About this task: The lines to be set down run from the line containing "have tk : t < 4 * k by lia." through the final line of the data below; print them exactly and print nothing else.

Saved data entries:
--- START ---
Lemma shared_tree_vertex j j' x : j < l -> j' < l -> j != j' ->
  x \in path_verts (tree_vertex j) last_pos -> x \in path_verts (tree_vertex j') last_pos ->
  x \in S.
Proof.
move=> jl j'l jj' /path_vertsP[t tL ->] /path_vertsP[t' t'L E].
have tk : t < 4 * k by lia.
have t'k : t' < 4 * k by lia.
rewrite mem_S_tree_vertex //; apply: contraNT jj' => slot.
have slot' : ~~ S_slot t' by rewrite -(mem_S_tree_vertex j'l t'k) -E mem_S_tree_vertex.
by move: E; rewrite /tree_vertex (negbTE slot) (negbTE slot') => /fresh_inj[] // ->.
Qed.

Lemma tree_edge_outside_S j e : j < l ->
  e \in path_edges (tree_vertex j) last_pos -> exists2 x, x \in e & x \notin S.
Proof.
move=> jl /path_edgesP[t tL ->].
have tk : t.+1 < 4 * k by lia.
case: (boolP (S_slot t)) => slot.
  exists (tree_vertex j t.+1); first by rewrite set22.
  rewrite mem_S_tree_vertex //; apply/negP => /S_slot_even /=; rewrite negbK.
  exact/negP/S_slot_even.
by exists (tree_vertex j t); rewrite ?set21 // mem_S_tree_vertex // ltnW.
Qed.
--- END ---
Exercise answer:
have tk : t < 4 * k by lia.
have t'k : t' < 4 * k by lia.
rewrite mem_S_tree_vertex //; apply: contraNT jj' => slot.
have slot' : ~~ S_slot t' by rewrite -(mem_S_tree_vertex j'l t'k) -E mem_S_tree_vertex.
by move: E; rewrite /tree_vertex (negbTE slot) (negbTE slot') => /fresh_inj[] // ->.
Qed.

Lemma tree_edge_outside_S j e : j < l ->
  e \in path_edges (tree_vertex j) last_pos -> exists2 x, x \in e & x \notin S.
Proof.
move=> jl /path_edgesP[t tL ->].
have tk : t.+1 < 4 * k by lia.
case: (boolP (S_slot t)) => slot.
  exists (tree_vertex j t.+1); first by rewrite set22.
  rewrite mem_S_tree_vertex //; apply/negP => /S_slot_even /=; rewrite negbK.
  exact/negP/S_slot_even.
by exists (tree_vertex j t); rewrite ?set21 // mem_S_tree_vertex // ltnW.
Qed.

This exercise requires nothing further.